Overall there is not a big shift visible from the PCA.

Identify which species show an association to colorectal cancer patients

Try to apply a t-test or a Wilcoxon test to your data.

Solution

Since we observed before that the data is not normally distributed, we can use a Wilcoxon test instead of a t-test. We can test all microbial species for statistically significant differences. In order to do so, we perform a Wilcoxon test on each individual bacterial species.

# use the same log transformed data as before
rel_ab = prop.table(motus_study1,2)
log_rel_ab = log10(rel_ab+ 10^-4)

# remove zero rows
log_rel_ab = log_rel_ab[rowSums(rel_ab) > 0,]

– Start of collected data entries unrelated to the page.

(* G is a tree on the node set tau ⊔ R: all its edges lie on this node set,
   it is connected on this node set, and it has no cycle (a cycle being a
   closed walk through at least 3 pairwise distinct nodes). *)
Definition is_tree_on n d (tau : {set 'I_n}) (G : graph n d) : Prop :=
  [/\ (forall e, e \in G -> e.1 \in tau),
      (forall x y : node n d, nodeset tau x -> nodeset tau y -> connect (adj G) x y)
    & (forall c : seq (node n d), ~ (ucycle (adj G) c /\ 2 < size c))].

Definition covector n d (v : 'I_d -> nat) (M : {set 'I_n} -> graph n d)
    (tau : {set 'I_n}) : graph n d :=
  \bigcup_(sigma : {set 'I_n} | (sigma \subset tau) && (#|sigma| == thickness v)) M sigma.

Definition linkage n d (v : 'I_d -> nat) (M : {set 'I_n} -> graph n d) : Prop :=
  forall tau : {set 'I_n}, #|tau| = (thickness v).+1 -> is_tree_on tau (covector v M tau).

From mathcomp Require Import all_boot.
Set Implicit Arguments. Unset Strict Implicit. Unset Printing Implicit Defensive.

(* The covector C is a tree on the k + 1 + d nodes of tau ⊔ R, so it has at most k + d
   edges.  Each right node r_i has at least v_i + 1 neighbours in C: some l adjacent to r_i,
   plus the v_i neighbours of r_i in M_(tau \ l), in which l is isolated.  Since the v_i + 1
   add up to k + d, all these bounds are equalities.  Two topes of the same type on the same
   set that lie in an acyclic graph coincide: an edge of one missing from the other would be
   a bridge of their union, which a degree count on a connected component rules out. *)

Lemma card_setI_preim (T U : finType) (f : T -> U) (X : {set T}) (S : {pred U}) :
  #|[set x in X | f x \in S]| = \sum_(u in S) #|[set x in X | f x == u]|.
Proof.
rewrite -sum1_card (partition_big f (mem S)) => [|x]; last by rewrite inE => /andP[].
apply: eq_bigr => u uS; rewrite -sum1_card; apply: eq_bigl => x.
by rewrite !inE; case: eqVneq => [->|_]; rewrite ?andbF ?andbT // [u \in S]uS andbT.
Qed.

Section BipartiteGraphs.
Variables n d : nat.
Implicit Types (G H : graph n d) (e : 'I_n * 'I_d) (x y : node n d).

Definition acyclic G : Prop :=
  forall c : seq (node n d), ~ (ucycle (adj G) c /\ 2 < size c).

Definition rnbhd G (r : 'I_d) : {set 'I_n} := [set l | (l, r) \in G].

Lemma rdeg_rnbhd G r : rdeg G r = #|rnbhd G r|.
Proof.
have pair_r_inj : injective (fun l : 'I_n => (l, r)) by move=> l l' [].
rewrite /rdeg -(card_imset _ pair_r_inj).
apply: eq_card => -[l r']; rewrite !inE.
apply/andP/imsetP => [[lrG /eqP /= r'r]|[l' + [-> ->]]]; last by rewrite inE.
by subst r'; exists l; rewrite ?inE.
Qed.

Lemma sum_card_rnbhd G : \sum_(i < d) #|rnbhd G i| = #|G|.
Proof.
have -> : #|G| = #|[set x in G | x.2 \in predT]| by apply: eq_card => x; rewrite !inE andbT.
rewrite card_setI_preim; apply: eq_bigr => i _; exact: esym (rdeg_rnbhd G i).
Qed.

Lemma adj_sym G : symmetric (adj G).
Proof. by case=> [a|b] [a'|b']. Qed.

Lemma connect_adj_sym G : connect_sym (adj G).
Proof. exact/sym_connect_sym/adj_sym. Qed.

Lemma adj_edge G e : adj G (inl e.1) (inr e.2) = (e \in G).
Proof. by case: e. Qed.

Lemma adjS G H : G \subset H -> subrel (adj G) (adj H).
Proof. by move=> /subsetP sGH [a|b] [a'|b'] //= /sGH. Qed.

Lemma connectS G H x y : G \subset H -> connect (adj G) x y -> connect (adj H) x y.
Proof. by move=> sGH; apply: connect_sub => u w /(adjS sGH)/connect1. Qed.

Lemma connect_edge G e x : e \in G ->
  connect (adj G) x (inl e.1) = connect (adj G) x (inr e.2).
Proof. by move=> eG; apply: (same_connect1r (connect_adj_sym G)); rewrite adj_edge. Qed.

Lemma adj_setD1 G e x y : adj G x y -> ~~ adj (G :\ e) x y ->
  (x == inl e.1) || (x == inr e.2).
Proof.
case: e => l r; case: x y => [a|b] [a'|b'] //= Ge;
  by rewrite in_setD1 Ge andbT negbK => /eqP[la rb]; rewrite ?la ?rb eqxx.
Qed.

Lemma connect_setD1 G e x y : connect (adj G) x y ->
  [|| connect (adj (G :\ e)) x y, connect (adj (G :\ e)) x (inl e.1)
    | connect (adj (G :\ e)) x (inr e.2)].
Proof.
pose P := [pred z | [|| connect (adj (G :\ e)) x z, connect (adj (G :\ e)) x (inl e.1)
                      | connect (adj (G :\ e)) x (inr e.2)]].
have closedP : closed (adj G) P.
  apply: intro_closed; first exact: connect_adj_sym.
  move=> u w Guw; rewrite !inE => /or3P[xu|->|->]; rewrite ?orbT //.
  have [Duw|nDuw] := boolP (adj (G :\ e) u w); first by rewrite (connect_trans xu (connect1 Duw)).
  by case/orP: (adj_setD1 Guw nDuw) => /eqP eu; rewrite -eu xu ?orbT.
by move=> /(closed_connect closedP); rewrite !inE connect0 => <-.
Qed.

Lemma ucycle_of_connect_setD1 G e : e \in G ->
  connect (adj (G :\ e)) (inl e.1) (inr e.2) ->
  exists c, ucycle (adj G) c /\ 2 < size c.
Proof.
move=> eG /connectP[p pp lp]; case: (shortenP pp) lp => p' pp' up' _ lp {pp}.
exists (inl e.1 :: p'); split.
  rewrite /ucycle up' andbT /= rcons_path -lp (sub_path (adjS (subsetDl G _)) pp').
  by rewrite adj_sym adj_edge.
case: p' pp' {up'} lp => [|y [|z q]] //= pp' lp.
by move: pp'; rewrite -lp andbT -surjective_pairing in_setD1 eqxx.
Qed.

Lemma acyclic_bridge G e : acyclic G -> e \in G ->
  ~~ connect (adj (G :\ e)) (inl e.1) (inr e.2).
Proof. by move=> acG eG; apply/negP => /(ucycle_of_connect_setD1 eG)[c]; apply: acG. Qed.

Lemma acyclicS G H : G \subset H -> acyclic H -> acyclic G.
Proof.
move=> sGH acH c [/andP[cG uc] size_c]; apply: (acH c); split=> //.
by rewrite /ucycle uc andbT (sub_cycle (adjS sGH)).
Qed.

Lemma tree_on_acyclic (tau : {set 'I_n}) G : is_tree_on tau G -> acyclic G.
Proof. by case. Qed.

End BipartiteGraphs.

Definition nodes n d (tau : {set 'I_n}) : {set node n d} := [set x | nodeset tau x].

Lemma card_nodes n d (tau : {set 'I_n}) : #|nodes d tau| = #|tau| + d.
Proof.
have inl_inj : injective (@inl 'I_n 'I_d) by move=> ? ? [].
have inr_inj : injective (@inr 'I_n 'I_d) by move=> ? ? [].
have disj : [disjoint inl @: tau & inr @: [set: 'I_d]].
  by apply/pred0P => x /=; apply/andP => -[/imsetP[l _ ->] /imsetP[]].
have -> : nodes d tau = inl @: tau :|: inr @: [set: 'I_d].
  apply/setP => -[l|r]; rewrite !inE ?mem_imset ?in_setT ?orbT //=.
  by case: imsetP => [[] //|]; rewrite orbF.
by rewrite cardsU (disjoint_setI0 disj) cards0 subn0 !card_imset // cardsT card_ord.
Qed.

Section Trees.
Variables (n d : nat) (tau : {set 'I_n}) (C : graph n d).
Hypothesis C_tree : is_tree_on tau C.
Variable rho : node n d.
Hypothesis rho_tau : nodeset tau rho.
Implicit Types (G : graph n d) (e : 'I_n * 'I_d) (x : node n d).

Definition far_end e : node n d :=
  if connect (adj (C :\ e)) rho (inl e.1) then inr e.2 else inl e.1.
Definition near_end e : node n d :=
  if connect (adj (C :\ e)) rho (inl e.1) then inl e.1 else inr e.2.

Lemma adj_near_far_end G e : adj G (near_end e) (far_end e) = (e \in G).
Proof. by rewrite /near_end /far_end; case: ifP; rewrite ?adj_edge // adj_sym adj_edge. Qed.

Lemma connect_far_end G e x : e \in G ->
  connect (adj G) x (inl e.1) -> connect (adj G) x (far_end e).
Proof. by move=> eG; rewrite /far_end; case: ifP => // _; rewrite connect_edge. Qed.

Lemma far_end_unreachable e : e \in C -> ~~ connect (adj (C :\ e)) rho (far_end e).
Proof.
move=> eC; rewrite /far_end; case: ifPn => // rho_l.
apply: contra (acyclic_bridge (tree_on_acyclic C_tree) eC).
by apply: connect_trans; rewrite connect_adj_sym.
Qed.

Lemma near_end_reachable e : e \in C -> connect (adj (C :\ e)) rho (near_end e).
Proof.
move=> eC; have rho_e1 : connect (adj C) rho (inl e.1).
  by case: C_tree => C_tau C_conn _; apply: C_conn; last exact: C_tau.
rewrite /near_end; case: ifPn => // rho_nl.
by case/or3P: (connect_setD1 e rho_e1) => [rho_l|rho_l|//]; rewrite rho_l in rho_nl.
Qed.

Lemma far_end_inj : {in C &, injective far_end}.
Proof.
move=> e1 e2 e1C e2C far12; apply/eqP/negPn/negP => ne12.
have e2C1 : e2 \in C :\ e1 by rewrite in_setD1 eq_sym ne12.
have e1C2 : e1 \in C :\ e2 by rewrite in_setD1 ne12.
case/or3P: (connect_setD1 e1 (near_end_reachable e2C)) => rho_e1.
- have rho_near : connect (adj (C :\ e1)) rho (near_end e2).
    by apply: connectS rho_e1; rewrite setDDl setUC -setDDl subsetDl.
  have := far_end_unreachable e1C.
  by rewrite far12 (connect_trans rho_near (connect1 _)) // adj_near_far_end.
- have := far_end_unreachable e2C.
  by rewrite -far12 connect_far_end // (connectS _ rho_e1) // subsetDl.
- have := far_end_unreachable e2C.
  by rewrite -far12 connect_far_end // connect_edge // (connectS _ rho_e1) // subsetDl.
Qed.

Lemma far_end_nodes e : e \in C -> far_end e \in nodes d tau :\ rho.
Proof.
move=> eC; rewrite !inE; apply/andP; split.
  by apply: contraNneq (far_end_unreachable eC) => ->; rewrite connect0.
by rewrite /far_end; case: ifP => //= _; case: C_tree => C_tau _ _; apply: C_tau.
Qed.

Lemma tree_card_edges_lt : #|C| < #|nodes d tau|.
Proof.
rewrite -(card_in_imset far_end_inj) (cardsD1 rho (nodes d tau)) inE rho_tau add1n ltnS.
by apply/subset_leq_card/subsetP => _ /imsetP[e eC ->]; apply: far_end_nodes.
Qed.

End Trees.

Section Topes.
Variables (n d : nat) (v : 'I_d -> nat).
Implicit Types (sigma : {set 'I_n}) (G M : graph n d) (e : 'I_n * 'I_d).

Lemma tope_edge_left sigma G l r : is_tope v sigma G -> (l, r) \in G -> l \in sigma.
Proof.
move=> [Gl _] lrG; have : 0 < ldeg G l by apply/card_gt0P; exists (l, r); rewrite inE lrG /=.
by rewrite Gl; case: (l \in sigma).
Qed.
(* z^k times the k-th factor of the NLFT, i.e. the polynomial matrix
   [[ z^k, g z^(2k) ], [ -conj(g), z^k ]]  (without the normalising scalar) *)
Definition nlft_factor (g : C) (k : nat) : 'M[{poly C}]_2 :=
  \matrix_(i < 2, j < 2)
     (if (i == 0) && (j == 0) then 'X^k
      else if (i == 0) && (j == 1) then g *: 'X^(k.*2)
      else if (i == 1) && (j == 0) then (- g^*)%:P
      else 'X^k).

Definition nlft_scal (g : C) : C := ((Num.sqrt (1 + cabs2 g))^-1)%:C.

(* P = z^S * (NLFT matrix), S = n(n-1)/2, product ordered by increasing k *)
Definition nlft_polymx (n : nat) (gam : 'I_n -> C) : 'M[{poly C}]_2 :=
  \prod_(k < n) ((nlft_scal (gam k))%:P *: nlft_factor (gam k) k).

Definition nlft_shift (n : nat) : nat := 'C(n, 2).

(* a(z) = sum_k a_k z^{-k}:  a_k = coefficient of z^{S-k} in P_{00} *)
Definition nlft_a (n : nat) (gam : 'I_n -> C) (k : 'I_n) : C :=
  (nlft_polymx gam 0 0)`_(nlft_shift n - k).

(* b(z) = sum_k b_k z^k:  b_k = coefficient of z^{S+k} in P_{01} *)
Definition nlft_b (n : nat) (gam : 'I_n -> C) (k : 'I_n) : C :=
  (nlft_polymx gam 0 1)`_(nlft_shift n + k).

Definition dist_Cn (n : nat) (u v : 'I_n -> C) : R :=
  Num.sqrt (\sum_(k < n) cabs2 (u k - v k)).

Definition dist_Cn2 (n : nat) (u v u' v' : 'I_n -> C) : R :=
  Num.sqrt (\sum_(k < n) cabs2 (u k - u' k) + \sum_(k < n) cabs2 (v k - v' k)).

End NLFT.

(* Layer stripping.  Up to a power of z, the NLFT of gam is the product of the
   polynomial matrices of the factors.  The top coefficient of its (0,0) entry is
   a_0 = prod_k (1 + |gam_k|^2)^(-1/2), and the top coefficient of its (0,1) entry
   is gam_(n-1) a_0; so gam_(n-1) is a bounded Lipschitz function of the data
   (a, b) where a_0 > delta.  Multiplying by the inverse of the last factor then
   expresses the coefficients of the shorter product polynomially in those of the
   longer one and in gam_(n-1).  All coefficients of partial products are bounded
   (by 2^m, each factor being unitary), and bounded Lipschitz functions are closed
   under sums, products, and inversion away from 0, so a descending induction on
   the length of the product gives every gam_k. *)

From HB Require Import structures.
From mathcomp Require Import all_boot all_order all_algebra.
From mathcomp Require Import complex.
From mathcomp Require Import reals.
From mathcomp Require Import ring lra zify.
Set Implicit Arguments. Unset Strict Implicit. Unset Printing Implicit Defensive.
Import Order.TTheory GRing.Theory Num.Theory.
Local Open Scope ring_scope.
Local Open Scope complex_scope.

Section NLFTLipschitz.
Variable R : realType.
Local Notation C := R[i].

Lemma cabs2_ge0 (x : C) : 0 <= cabs2 x.
Proof. by rewrite addr_ge0 ?sqr_ge0. Qed.

Lemma cabs20 : cabs2 (0 : C) = 0.
Proof. by rewrite /cabs2 /= expr0n addr0. Qed.

Lemma cabs2M (x y : C) : cabs2 (x * y) = cabs2 x * cabs2 y.
Proof. by case: x => a b; case: y => c d; rewrite /cabs2 /=; ring. Qed.

Lemma cabs2N (x : C) : cabs2 (- x) = cabs2 x.
Proof. by case: x => a b; rewrite /cabs2 /= !sqrrN. Qed.

Lemma cabs2J (x : C) : cabs2 x^* = cabs2 x.
Proof. by case: x => a b; rewrite /cabs2 /= sqrrN. Qed.

Lemma cabs2R (r : R) : cabs2 r%:C = r ^+ 2.
Proof. by rewrite /cabs2 /= expr0n addr0. Qed.

Lemma cabs2_realB (r s : R) : cabs2 (r%:C - s%:C) = (r - s) ^+ 2.
Proof. by rewrite -rmorphB cabs2R. Qed.

Lemma mulJc (x : C) : x^* * x = (cabs2 x)%:C.
Proof.
case: x => a b; apply/eqP; rewrite eq_complex /cabs2 /=.
by apply/andP; split; apply/eqP; ring.
Qed.

Lemma cabs2D_le (x y : C) (a b : R) :
  cabs2 x <= a -> cabs2 y <= b -> cabs2 (x + y) <= 2 * (a + b).
Proof.
move=> xa yb; apply: le_trans (_ : 2 * (cabs2 x + cabs2 y) <= _); last first.
  by rewrite ler_wpM2l // lerD.
case: x {xa} => p q; case: y {yb} => u v; rewrite /cabs2 /=.
by have := sqr_ge0 (p - u); have := sqr_ge0 (q - v); nra.
Qed.

Lemma cabs2M_le (x y : C) (a b : R) :
  cabs2 x <= a -> cabs2 y <= b -> cabs2 (x * y) <= a * b.
Proof. by move=> xa yb; rewrite cabs2M ler_pM ?cabs2_ge0. Qed.

(* Lagrange's identity for the pairs (1, h) and (x, y). *)
Lemma cabs2_lagrange (x y h : C) :
  cabs2 (x + h * y) + cabs2 (h^* * x - y) = (1 + cabs2 h) * (cabs2 x + cabs2 y).
Proof. by case: x => a b; case: y => c d; case: h => p q; rewrite /cabs2 /=; ring. Qed.

Lemma sqr_cabs2B_le (x y : C) : (cabs2 x - cabs2 y) ^+ 2 <= cabs2 (x - y) * cabs2 (x + y).
Proof.
case: x => a b; case: y => c d; rewrite /cabs2 /=.
by have := sqr_ge0 ((a - c) * (b + d) - (b - d) * (a + c)); nra.
Qed.

Definition scal (g : C) : R := (Num.sqrt (1 + cabs2 g))^-1.

Lemma nlft_scalE (g : C) : nlft_scal g = (scal g)%:C.
Proof. by []. Qed.

Lemma scal_sqr (g : C) : scal g ^+ 2 * (1 + cabs2 g) = 1.
Proof.
have pos : 0 < 1 + cabs2 g by rewrite ltr_wpDr ?cabs2_ge0.
by rewrite /scal exprVn sqr_sqrtr ?ltW // mulVf // gt_eqF.
Qed.

Lemma scal_gt0 (g : C) : 0 < scal g.
Proof. by rewrite invr_gt0 sqrtr_gt0 ltr_wpDr ?cabs2_ge0. Qed.

Lemma scal_le1 (g : C) : scal g <= 1.
Proof. by have := scal_sqr g; have := scal_gt0 g; have := cabs2_ge0 g; nra. Qed.

Lemma scalC_sqr (g : C) : (scal g)%:C ^+ 2 * (1 + g^* * g) = 1.
Proof. by rewrite mulJc -rmorphXn -(rmorph1 (real_complex R)) -rmorphD -rmorphM scal_sqr. Qed.

Lemma cabs2_scal_comb (g h x y : C) : cabs2 h = cabs2 g ->
  cabs2 ((scal g)%:C * (x + h * y)) <= cabs2 x + cabs2 y.
Proof.
move=> hg; rewrite cabs2M cabs2R -[X in _ <= X]mul1r -(scal_sqr g) -mulrA -hg.
rewrite ler_wpM2l ?sqr_ge0 // -cabs2_lagrange lerDl; exact: cabs2_ge0.
Qed.

(* [t |-> (1 + t)^(-1/2)] is 1-Lipschitz on [t >= 0], and
   [|g|^2 - |g'|^2 = Re ((g - g') conj (g + g'))]. *)
Lemma scal_dist (g g' : C) : (scal g - scal g') ^+ 2 <= cabs2 (g - g') * cabs2 (g + g').
Proof.
apply: le_trans (sqr_cabs2B_le g g').
have := scal_sqr g; have := scal_sqr g'; have := scal_gt0 g; have := scal_gt0 g'.
have := scal_le1 g; have := scal_le1 g'.
set s := scal g; set s' := scal g'; set u := cabs2 g; set v := cabs2 g'.
move=> s'_le1 s_le1 s'_gt0 s_gt0 hv hu.
have diff_sqr : (s - s') * (s + s') = s ^+ 2 * s' ^+ 2 * (v - u).
  transitivity (s ^+ 2 * (s' ^+ 2 * (1 + v)) - s' ^+ 2 * (s ^+ 2 * (1 + u))); last by ring.
  by rewrite hu hv; ring.
have small : s ^+ 2 * s' ^+ 2 <= s + s'.
  have sqr_le1 (t : R) : 0 < t -> t <= 1 -> t ^+ 2 <= t by move=> *; nra.
  have := sqr_le1 _ s_gt0 s_le1; have := sqr_le1 _ s'_gt0 s'_le1; nra.
rewrite -(@ler_pM2r _ ((s + s') ^+ 2)) ?exprn_gt0 ?addr_gt0 // -exprMn diff_sqr.
rewrite exprMn -(sqrrN (u - v)) opprB mulrC ler_wpM2l ?sqr_ge0 //.
by rewrite ler_sqr // nnegrE ?mulr_ge0 ?exprn_ge0 ?addr_ge0 ?(ltW s_gt0) ?(ltW s'_gt0).
Qed.

Section BoundedLipschitz.
Variables (T : Type) (good : T -> Prop) (dist : T -> T -> R).
Hypothesis dist_ge0 : forall x y, 0 <= dist x y.

(* [dist] plays the role of a squared distance: the second clause is Lipschitz
   continuity on [good] with constant [sqrt K], uniformly in the index [i]. *)
Definition bdd_lip (I : Type) (f : T -> I -> C) :=
  (exists W, forall x i, good x -> cabs2 (f x i) <= W) /\
  (exists K, forall x y i, good x -> good y -> cabs2 (f x i - f y i) <= K * dist x y).

Lemma bdd_lip_ext (I : Type) (f g : T -> I -> C) :
  (forall x i, good x -> f x i = g x i) -> bdd_lip f -> bdd_lip g.
Proof.
move=> fg [[W bf] [K lf]]; split; [exists W | exists K] => x *; rewrite -!fg //.
  exact: bf.
exact: lf.
Qed.

Lemma bdd_lip_comp (I J : Type) (h : J -> I) (f : T -> I -> C) :
  bdd_lip f -> bdd_lip (fun x j => f x (h j)).
Proof. by move=> [[W bf] [K lf]]; split; [exists W | exists K] => *; [apply: bf | apply: lf]. Qed.

Lemma bdd_lip0 (I : Type) : bdd_lip (fun _ (_ : I) => 0).
Proof. by split; [exists 0 | exists 0] => *; rewrite ?subr0 cabs20 ?mul0r. Qed.

Lemma bdd_lip_if (I : Type) (P : pred I) (f g : T -> I -> C) :
  bdd_lip f -> bdd_lip g -> bdd_lip (fun x i => if P i then f x i else g x i).
Proof.
move=> [[Wf bf] [Kf lf]] [[Wg bg] [Kg lg]]; split.
  by exists (Num.max Wf Wg) => x i gx; rewrite le_max; case: (P i); rewrite (bf, bg) ?orbT.
exists (Num.max Kf Kg) => x y i gx gy; have := dist_ge0 x y.
by case: (P i) => ?; [apply: le_trans (lf _ _ _ gx gy) _ | apply: le_trans (lg _ _ _ gx gy) _];
  rewrite ler_wpM2r // le_max lexx ?orbT.
Qed.

Lemma bdd_lipD (I : Type) (f g : T -> I -> C) :
  bdd_lip f -> bdd_lip g -> bdd_lip (fun x i => f x i + g x i).
Proof.
move=> [[Wf bf] [Kf lf]] [[Wg bg] [Kg lg]]; split.
  by exists (2 * (Wf + Wg)) => x i gx; apply: cabs2D_le; [apply: bf | apply: bg].
exists (2 * (Kf + Kg)) => x y i gx gy.
rewrite opprD addrACA -mulrA [_ * dist x y]mulrDl.
by apply: cabs2D_le; [exact: lf | exact: lg].
Qed.

Lemma bdd_lipN (I : Type) (f : T -> I -> C) : bdd_lip f -> bdd_lip (fun x i => - f x i).
Proof.
move=> [[W bf] [K lf]]; split; [exists W | exists K] => *; rewrite -?opprD cabs2N.
  exact: bf.
exact: lf.
Qed.

Lemma bdd_lipJ (I : Type) (f : T -> I -> C) : bdd_lip f -> bdd_lip (fun x i => (f x i)^*).
Proof.
move=> [[W bf] [K lf]]; split; [exists W | exists K] => *; rewrite -?rmorphB cabs2J.
  exact: bf.
exact: lf.
Qed.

# we go through each measured species
p.vals <- rep_len(1, nrow(log_rel_ab))
names(p.vals) <- rownames(log_rel_ab)

for (i in rownames(log_rel_ab)){
  x <- log_rel_ab[i,]
  y <- meta_study1[colnames(log_rel_ab),]$Group
  t <- wilcox.test(x~y)
  p.vals[i] <- t$p.value
}
head(sort(p.vals))

Result:

                  Dialister pneumosintes [ref_mOTU_v3_03630] 
                                                1.277337e-07 
 Fusobacterium nucleatum subsp. animalis [ref_mOTU_v3_01001] 
                                                1.137605e-06 
           Olsenella sp. Marseille-P2300 [ref_mOTU_v3_10001] 
                                                2.184340e-05 
Fusobacterium nucleatum subsp. vincentii [ref_mOTU_v3_01002] 
                                                5.576030e-05 
          Anaerotignum lactatifermentans [ref_mOTU_v3_02190] 
                                                8.752588e-05 
Fusobacterium nucleatum subsp. nucleatum [ref_mOTU_v3_01003] 
                                                1.667614e-04

The species with the most significant effect seems to be Dialister pneumosintes, so let us take a look at the distribution of this species:

species <- 'Dialister pneumosintes [ref_mOTU_v3_03630]'
df.plot <- data.frame(
  log_rel_ab = log_rel_ab[species,],
  group = meta_study1[colnames(log_rel_ab),]$Group
)

ggplot(df.plot, aes(x=group, y=log_rel_ab)) +
  geom_boxplot(outlier.shape = NA) +
  geom_jitter(width = 0.08) + 
  xlab('') + 
  ylab('D. pneumosintes rel. ab. (log 10)')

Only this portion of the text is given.